* **Dataset content**:
Content starts

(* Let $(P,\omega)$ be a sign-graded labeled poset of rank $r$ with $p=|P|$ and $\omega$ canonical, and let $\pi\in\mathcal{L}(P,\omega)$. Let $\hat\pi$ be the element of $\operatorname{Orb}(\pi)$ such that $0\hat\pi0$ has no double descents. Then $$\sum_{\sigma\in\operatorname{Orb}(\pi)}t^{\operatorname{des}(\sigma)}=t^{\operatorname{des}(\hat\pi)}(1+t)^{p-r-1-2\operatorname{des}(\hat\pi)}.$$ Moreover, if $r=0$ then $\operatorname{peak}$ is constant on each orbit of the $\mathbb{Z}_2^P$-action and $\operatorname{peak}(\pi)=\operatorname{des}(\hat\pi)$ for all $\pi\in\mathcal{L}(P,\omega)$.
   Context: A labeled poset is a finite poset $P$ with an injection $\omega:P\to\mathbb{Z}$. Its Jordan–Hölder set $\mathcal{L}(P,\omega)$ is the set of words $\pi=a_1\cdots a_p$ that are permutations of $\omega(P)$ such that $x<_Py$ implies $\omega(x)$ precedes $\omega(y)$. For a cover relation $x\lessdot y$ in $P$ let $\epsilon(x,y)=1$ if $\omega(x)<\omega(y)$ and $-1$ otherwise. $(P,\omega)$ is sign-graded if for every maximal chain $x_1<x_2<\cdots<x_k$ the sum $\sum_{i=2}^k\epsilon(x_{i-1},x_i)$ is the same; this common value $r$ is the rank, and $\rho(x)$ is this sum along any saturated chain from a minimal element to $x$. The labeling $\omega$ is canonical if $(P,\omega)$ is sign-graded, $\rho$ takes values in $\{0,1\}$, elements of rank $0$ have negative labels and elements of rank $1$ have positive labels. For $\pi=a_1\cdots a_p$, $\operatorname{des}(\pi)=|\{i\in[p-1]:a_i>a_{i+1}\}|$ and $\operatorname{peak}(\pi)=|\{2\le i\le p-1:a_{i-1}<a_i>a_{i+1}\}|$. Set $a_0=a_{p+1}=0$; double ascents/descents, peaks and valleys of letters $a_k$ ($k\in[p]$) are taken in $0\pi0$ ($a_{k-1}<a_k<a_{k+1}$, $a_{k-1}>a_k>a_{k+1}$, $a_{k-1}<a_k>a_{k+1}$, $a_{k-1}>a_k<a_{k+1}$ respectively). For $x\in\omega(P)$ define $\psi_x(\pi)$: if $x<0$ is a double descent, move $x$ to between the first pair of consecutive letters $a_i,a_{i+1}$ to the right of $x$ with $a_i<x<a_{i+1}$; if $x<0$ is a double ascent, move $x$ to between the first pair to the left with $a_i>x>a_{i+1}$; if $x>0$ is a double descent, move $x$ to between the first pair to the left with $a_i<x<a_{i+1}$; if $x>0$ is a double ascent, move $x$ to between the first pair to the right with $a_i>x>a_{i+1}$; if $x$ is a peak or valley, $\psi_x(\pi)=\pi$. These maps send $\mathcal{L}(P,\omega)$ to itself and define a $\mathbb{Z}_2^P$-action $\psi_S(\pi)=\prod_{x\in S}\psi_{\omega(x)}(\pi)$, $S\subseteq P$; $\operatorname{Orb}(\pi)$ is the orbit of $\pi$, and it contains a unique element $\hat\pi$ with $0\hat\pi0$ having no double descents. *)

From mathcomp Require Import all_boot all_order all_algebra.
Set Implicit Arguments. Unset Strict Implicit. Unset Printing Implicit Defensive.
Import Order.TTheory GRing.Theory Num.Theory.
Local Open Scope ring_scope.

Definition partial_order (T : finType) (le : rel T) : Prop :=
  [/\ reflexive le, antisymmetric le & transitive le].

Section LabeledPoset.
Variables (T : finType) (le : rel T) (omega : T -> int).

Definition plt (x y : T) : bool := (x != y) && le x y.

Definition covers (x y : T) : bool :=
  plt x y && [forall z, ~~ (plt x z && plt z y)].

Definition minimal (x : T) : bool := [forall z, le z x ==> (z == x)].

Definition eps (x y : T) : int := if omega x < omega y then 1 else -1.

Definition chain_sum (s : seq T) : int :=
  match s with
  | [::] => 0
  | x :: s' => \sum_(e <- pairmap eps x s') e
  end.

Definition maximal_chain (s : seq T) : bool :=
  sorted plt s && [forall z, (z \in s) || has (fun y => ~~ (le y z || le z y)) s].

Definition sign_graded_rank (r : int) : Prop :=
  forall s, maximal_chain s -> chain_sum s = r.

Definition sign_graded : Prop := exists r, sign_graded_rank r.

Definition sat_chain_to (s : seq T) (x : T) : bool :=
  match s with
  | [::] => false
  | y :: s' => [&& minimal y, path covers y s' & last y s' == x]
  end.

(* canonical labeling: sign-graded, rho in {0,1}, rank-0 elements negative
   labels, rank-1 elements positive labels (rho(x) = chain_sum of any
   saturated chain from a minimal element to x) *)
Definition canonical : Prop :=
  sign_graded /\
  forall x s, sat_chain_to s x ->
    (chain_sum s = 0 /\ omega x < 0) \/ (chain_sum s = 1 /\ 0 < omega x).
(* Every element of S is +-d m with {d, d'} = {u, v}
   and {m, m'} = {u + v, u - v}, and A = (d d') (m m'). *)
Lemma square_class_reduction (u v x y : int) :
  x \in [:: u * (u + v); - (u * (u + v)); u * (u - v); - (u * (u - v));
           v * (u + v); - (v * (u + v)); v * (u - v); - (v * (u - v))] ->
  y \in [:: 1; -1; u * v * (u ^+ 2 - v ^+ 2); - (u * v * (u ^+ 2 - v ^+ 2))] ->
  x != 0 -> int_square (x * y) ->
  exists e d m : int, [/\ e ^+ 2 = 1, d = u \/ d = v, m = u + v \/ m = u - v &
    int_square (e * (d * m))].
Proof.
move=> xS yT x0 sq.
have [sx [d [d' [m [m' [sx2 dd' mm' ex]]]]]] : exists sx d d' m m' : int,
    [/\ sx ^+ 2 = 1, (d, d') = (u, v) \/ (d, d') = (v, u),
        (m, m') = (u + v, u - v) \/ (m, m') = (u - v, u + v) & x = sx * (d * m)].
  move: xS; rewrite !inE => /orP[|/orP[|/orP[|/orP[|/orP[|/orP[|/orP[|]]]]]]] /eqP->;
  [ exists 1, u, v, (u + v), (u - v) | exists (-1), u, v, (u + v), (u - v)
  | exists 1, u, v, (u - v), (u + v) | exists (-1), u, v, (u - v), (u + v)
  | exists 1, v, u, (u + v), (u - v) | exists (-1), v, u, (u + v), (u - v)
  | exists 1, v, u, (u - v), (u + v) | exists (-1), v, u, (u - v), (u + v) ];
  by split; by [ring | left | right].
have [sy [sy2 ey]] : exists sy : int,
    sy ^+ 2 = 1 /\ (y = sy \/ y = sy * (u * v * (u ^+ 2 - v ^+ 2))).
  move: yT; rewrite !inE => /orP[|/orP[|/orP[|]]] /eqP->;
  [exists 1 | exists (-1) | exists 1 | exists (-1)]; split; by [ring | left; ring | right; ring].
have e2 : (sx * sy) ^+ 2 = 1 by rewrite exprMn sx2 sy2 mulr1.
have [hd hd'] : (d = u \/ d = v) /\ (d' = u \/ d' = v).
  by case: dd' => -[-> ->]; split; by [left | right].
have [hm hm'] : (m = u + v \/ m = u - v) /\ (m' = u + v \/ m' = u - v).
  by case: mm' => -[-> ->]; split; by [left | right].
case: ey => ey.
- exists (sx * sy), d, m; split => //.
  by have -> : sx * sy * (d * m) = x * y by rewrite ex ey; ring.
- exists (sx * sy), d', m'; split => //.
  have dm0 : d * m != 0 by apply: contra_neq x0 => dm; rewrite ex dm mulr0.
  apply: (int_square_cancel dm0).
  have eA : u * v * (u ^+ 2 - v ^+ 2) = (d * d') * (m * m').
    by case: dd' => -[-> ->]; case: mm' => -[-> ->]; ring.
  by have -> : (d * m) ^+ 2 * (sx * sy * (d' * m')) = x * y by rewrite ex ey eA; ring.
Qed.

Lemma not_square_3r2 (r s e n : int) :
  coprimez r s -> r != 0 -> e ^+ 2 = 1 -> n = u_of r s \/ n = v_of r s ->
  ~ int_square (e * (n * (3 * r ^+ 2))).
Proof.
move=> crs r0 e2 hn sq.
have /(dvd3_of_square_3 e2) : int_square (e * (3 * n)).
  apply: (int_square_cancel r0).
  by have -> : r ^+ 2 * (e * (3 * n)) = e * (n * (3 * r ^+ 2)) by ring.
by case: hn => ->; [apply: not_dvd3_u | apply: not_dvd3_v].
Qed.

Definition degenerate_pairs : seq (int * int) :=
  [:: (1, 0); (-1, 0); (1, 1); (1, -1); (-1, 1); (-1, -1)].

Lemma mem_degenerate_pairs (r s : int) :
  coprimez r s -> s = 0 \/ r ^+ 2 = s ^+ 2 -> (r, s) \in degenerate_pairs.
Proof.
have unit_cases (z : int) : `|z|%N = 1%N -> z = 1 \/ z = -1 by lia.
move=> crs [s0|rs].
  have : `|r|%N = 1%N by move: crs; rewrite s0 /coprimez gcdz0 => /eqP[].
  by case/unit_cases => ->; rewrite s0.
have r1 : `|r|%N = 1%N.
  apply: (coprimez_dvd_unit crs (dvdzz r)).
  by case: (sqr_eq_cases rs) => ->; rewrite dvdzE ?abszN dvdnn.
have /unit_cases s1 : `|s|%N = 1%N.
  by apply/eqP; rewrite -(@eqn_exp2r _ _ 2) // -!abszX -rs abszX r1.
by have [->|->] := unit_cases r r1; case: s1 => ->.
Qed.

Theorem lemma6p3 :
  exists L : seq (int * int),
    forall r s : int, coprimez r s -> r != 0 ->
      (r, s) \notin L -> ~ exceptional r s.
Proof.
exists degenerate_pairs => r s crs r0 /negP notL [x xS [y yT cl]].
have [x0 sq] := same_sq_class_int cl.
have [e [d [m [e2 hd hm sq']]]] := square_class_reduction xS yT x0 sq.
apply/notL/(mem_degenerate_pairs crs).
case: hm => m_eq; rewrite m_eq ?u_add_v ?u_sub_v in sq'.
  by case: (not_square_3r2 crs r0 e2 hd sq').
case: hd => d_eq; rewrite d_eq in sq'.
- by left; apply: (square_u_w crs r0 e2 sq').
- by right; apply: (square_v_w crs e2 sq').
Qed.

Content ends

* **Work item**: Take from the listing above each line containing "covers".

* **Solved problem**:
Definition covers (x y : T) : bool :=
  | y :: s' => [&& minimal y, path covers y s' & last y s' == x]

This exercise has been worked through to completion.